I am a proactive and dedicated professional with 2+ years of software engineering experience and strong programming and mathematical skills, leveraging my educational background in Computer Engineering to achieve a high level of efficiency and improvement results in cloud-based and interactive consumer products using data science and machine learning techniques. I am seeking a data scientist position with a team-focused company providing solutions to real-life problems to continue to grow in the field while increasing the quality and experience satisfaction of customers.
-
Experience
• Used Agile methodology (daily scrum meeting, product backlog, sprint backlog and retrospective) to streamline time management, reduce task redundancy and increase team collaboration.
o Improved team throughput by 40%, reduced dependencies and identified risks by 60% through sprint planning.
• Developed an automation framework that incorporated coding best practices to the effect of maintaining uniform code standards for the whole team, as well as enabling code reusability.
o Helped team effectiveness by avoiding hard coding, easing scalability and maintenance.
o Increased team productivity potential by ~12 hours per week.
o Increased test coverage from 56% to 97%.
• Improved various SQL queries by tuning the joins, wild char searches, and views which reduced the response times of search screens and load times of display screens by 40% to 45%.
• Managed cost, utilization and security by setting up alarms such as CloudWatch (AWS) to initiate preventative action when metric values exceeded thresholds, decreasing response time and increasing resolution rates.
• Applied proof of concept techniques (POC) to identify and initialize application improvement objectives
• Developed Gradle scripts for automated deployment of applications and worked with Jenkins for continuous integration and build automation which increased speed of deployment by 70%.
-
Projects
1. Project Title: NapIT Sep. 2017 - Dec. 2017
Skills Used: Machine Learning, Android, Software Engineering, Feature Engineering, Data Pre-processing, Content-based Recommender System, Predictive Modeling, Data Visualization and Web Scraping
Project Details: NapIT is a health recommender application which enables a user to track the status of their health and provides suggestions on how to improve their health. This software also adds value by giving predictions on whether the user is likely to get any diseases like obesity, high cholesterol, heart diseases etc. The data for this project was collected using:
1. Mobile Phone’s Accelerometer: Sleep tracking was implemented using the user’s mobile phone or
wearable device while kept on the bed during sleep and measures movement. From movement tracked, conclusions are drawn on the nature of sleep (ie: if the user moves more, it is inferred that the user’s sleep is very light).

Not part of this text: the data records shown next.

(* Let $d\ge1$, let $\{\zeta_i\}_{i=0}^d$ be any scalars, and let $P(x)=\sum_{i=0}^d\frac{(-1)^i\zeta_ix^i}{([i]^!_q)^2}$ be the corresponding Drinfel'd polynomial. Put $\theta_i=q^{2i-d}$ and $\theta^*_i=q^{d-2i}$ for $0\le i\le d$. Then $$\sum_{i=0}^d\eta_{d-i}(\theta_0)\,\eta^*_{d-i}(\theta^*_0)\,\zeta_i=(-1)^d([d]^!_q)^2(q-q^{-1})^{2d}\,P\!\left(\frac{1}{(q-q^{-1})^2}\right).$$
   Context: $\mathcal K$ is a field; $q\in\mathcal K$ is nonzero and not a root of unity; $[i]_q=\frac{q^i-q^{-i}}{q-q^{-1}}$, $[i]^!_q=\prod_{n=1}^i[n]_q$ ($[0]^!_q=1$). For $0\le i\le d$: $\eta_i(x)=(x-\theta_d)(x-\theta_{d-1})\cdots(x-\theta_{d-i+1})$ and $\eta^*_i(x)=(x-\theta^*_d)(x-\theta^*_{d-1})\cdots(x-\theta^*_{d-i+1})$ (empty product $=1$). *)

From mathcomp Require Import all_boot all_order all_algebra.
Set Implicit Arguments. Unset Strict Implicit. Unset Printing Implicit Defensive.
Import Order.TTheory GRing.Theory Num.Theory.
Local Open Scope ring_scope.

Definition qint (K : fieldType) (q : K) (i : nat) : K :=
  (q ^+ i - q ^- i) / (q - q^-1).

Definition qfact (K : fieldType) (q : K) (i : nat) : K :=
  \prod_(1 <= n < i.+1) qint q n.

Definition eta (K : fieldType) (th : nat -> K) (d i : nat) (x : K) : K :=
  \prod_(0 <= k < i) (x - th (d - k)%N).

Definition thetaq (K : fieldType) (q : K) (d i : nat) : K :=
  q ^ ((2 * i)%:Z - d%:Z).
Definition thetaqs (K : fieldType) (q : K) (d i : nat) : K :=
  q ^ (d%:Z - (2 * i)%:Z).

Definition drinfeld_poly (K : fieldType) (q : K) (d : nat) (zeta : nat -> K)
  : {poly K} :=
  \sum_(i < d.+1) (((-1) ^+ i * zeta i) / (qfact q i) ^+ 2) *: 'X^i.

From mathcomp Require Import all_boot all_order all_algebra.
From mathcomp Require Import ring.
Import Order.TTheory GRing.Theory Num.Theory.

Set Implicit Arguments.
Unset Strict Implicit.
Unset Printing Implicit Defensive.

Local Open Scope ring_scope.

(* The product eta_{d-i}(theta_0) eta^*_{d-i}(theta^*_0) runs over the pairs
   (theta_0 - theta_n)(theta^*_0 - theta^*_n) = -(q^n - q^-n)^2
   = -(q - q^-1)^2 [n]_q^2 for i < n <= d, so it equals
   (-1)^(d-i) (q - q^-1)^(2(d-i)) ([d]^!_q / [i]^!_q)^2.  This is exactly the
   coefficient of zeta_i in the right-hand side, so the identity holds term by
   term. *)

Section QAnalogues.

Variables (K : fieldType) (q : K).
Hypothesis q_neq0 : q != 0.
Hypothesis q_not_root1 : forall n : nat, (0 < n)%N -> q ^+ n != 1.

Lemma expfz_subn (a b : nat) : q ^ (a%:Z - b%:Z) = q ^+ a / q ^+ b.
Proof. by rewrite expfzDr // -exprnN -exprnP. Qed.

Lemma subr_exprVn_neq0 (n : nat) : (0 < n)%N -> q ^+ n - q ^- n != 0.
Proof.
move=> n_gt0; have qn_neq0 : q ^+ n != 0 by rewrite expf_neq0.
apply: contra (q_not_root1 (ltn_addr n n_gt0)) => /eqP qdiff0.
by rewrite exprD -subr_eq0 -[X in _ - X](mulfV qn_neq0) -mulrBr qdiff0 mulr0.
Qed.

Lemma subr_invr_neq0 : q - q^-1 != 0.
Proof. by have := @subr_exprVn_neq0 1 isT; rewrite expr1. Qed.

Lemma subr_invr_mul_qint (n : nat) : (q - q^-1) * qint q n = q ^+ n - q ^- n.
Proof. by rewrite /qint mulrC divfK // subr_invr_neq0. Qed.

Lemma qint_neq0 (n : nat) : (0 < n)%N -> qint q n != 0.
Proof.
by move=> n_gt0; rewrite /qint mulf_neq0 ?invr_eq0 ?subr_invr_neq0 ?subr_exprVn_neq0.
Qed.

Lemma qfact_neq0 (n : nat) : qfact q n != 0.
Proof.
rewrite /qfact prodf_seq_neq0; apply/allP => k.
by rewrite mem_iota => /andP[k_gt0 _]; apply: qint_neq0.
Qed.

Lemma qfact_split (d m : nat) : (m <= d)%N ->
  qfact q d = qfact q (d - m) * \prod_(0 <= k < m) qint q (d - k).
Proof.
elim: m => [_|m IHm lt_md]; first by rewrite subn0 big_geq ?mulr1.
rewrite IHm ?(ltnW lt_md) // big_nat_recr //= [_ * qint _ _]mulrC mulrA.
by congr (_ * _); rewrite /qfact -(subnSK lt_md) big_nat_recr.
Qed.

Lemma theta_diff_mul (d n : nat) :
  (thetaq q d 0 - thetaq q d n) * (thetaqs q d 0 - thetaqs q d n)
  = - (q ^+ n - q ^- n) ^+ 2.
Proof.
rewrite /thetaq /thetaqs !expfz_subn muln0 expr0 mul2n -addnn exprD.
by field; rewrite !expf_neq0 ?oner_eq0.
Qed.

Lemma eta_theta_mul (d m : nat) :
  eta (thetaq q d) d m (thetaq q d 0) * eta (thetaqs q d) d m (thetaqs q d 0)
  = (-1) ^+ m * (q - q^-1) ^+ (2 * m) * (\prod_(0 <= k < m) qint q (d - k)) ^+ 2.
Proof.
rewrite /eta -big_split /=.
under eq_bigr do rewrite theta_diff_mul -subr_invr_mul_qint exprMn -mulNr.
by rewrite big_split prodr_const_nat prodrXl subn0 exprM -exprNn.
Qed.

Lemma eta_theta_mul_qfact (d i : nat) : (i <= d)%N ->
  eta (thetaq q d) d (d - i) (thetaq q d 0)
  * eta (thetaqs q d) d (d - i) (thetaqs q d 0)
  = (-1) ^+ (d - i) * (q - q^-1) ^+ (2 * (d - i)) * (qfact q d / qfact q i) ^+ 2.
Proof.
move=> le_id; rewrite eta_theta_mul (qfact_split (leq_subr i d)) subKn //.
by rewrite [qfact q i * _]mulrC mulfK ?qfact_neq0.
Qed.

End QAnalogues.

Theorem lemma8p2 (K : fieldType) (q : K) (hq0 : q != 0)
  (hq : forall n : nat, (0 < n)%N -> q ^+ n != 1)
  (d : nat) (hd : (1 <= d)%N) (zeta : nat -> K) :
  \sum_(i < d.+1)
     eta (thetaq q d) d (d - i) (thetaq q d 0)
     * eta (thetaqs q d) d (d - i) (thetaqs q d 0) * zeta i
  = (-1) ^+ d * (qfact q d) ^+ 2 * (q - q^-1) ^+ (2 * d)
     * (drinfeld_poly q d zeta).[((q - q^-1) ^+ 2)^-1].
Proof.
have c_neq0 := subr_invr_neq0 hq0 hq.
rewrite /drinfeld_poly horner_sum mulr_sumr; apply: eq_bigr => -[i /=].
rewrite ltnS => le_id _; rewrite hornerZ hornerXn (eta_theta_mul_qfact hq0 hq le_id).
have [m ->] : exists m, d = (m + i)%N by exists (d - i)%N; rewrite subnK.
rewrite addnK mulnDr [(q - q^-1) ^+ (_ + _)]exprD [(-1) ^+ (_ + _)]exprD exprVn -exprM.
(* [field] treats (-1) ^+ i as an atom, so its square is supplied by hand. *)
rewrite -[LHS]mulr1 -[X in _ * X = _](sqrr_sign K i); field.
by rewrite expf_neq0 // qfact_neq0.
Qed.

2. User Interface: The mobile app has a User Interface (UI) where the user can input data like age, height, weight etc.
3. Step Counter: A step counter was implemented as part of the application to calculate the number of steps taken, miles walked and calories burnt as well as recording the duration of activity.
Originally, 3 algorithms were applied separately with low accuracy. To enhance, we implemented a voting classifier made up of SVM, Logistic Regression and Decision Tree as base classifiers, which yielded an accuracy rating of 97.8%
2. Project Title: Food Borne Illness Analysis Jan. 2017 - May 2017
Skills Used: Machine Learning, Data Visualization, Data Wrangling (standardization, normalization), Dimensionality Reduction and Hypothesis Testing
Project Details: The goal of Foodborne Illness Analysis is to analyze: a) food sources with high-risk illness causing potential b) species which spread illness c) regions and states where spread of illness is prevalent d) locations such as hospitals, prisons and offices with high-risk potential/outbreak concentrations and e) seasons corresponding to significant increases of species growth and spread of illness.
Principal Component Analysis was used to identify the significant features to be used in the model to enhance performance of subsequent data samples. Using Logistic Regression and Random Forests machine learning models, accuracy ratings achieved were 90.2% and 94.6% respectively.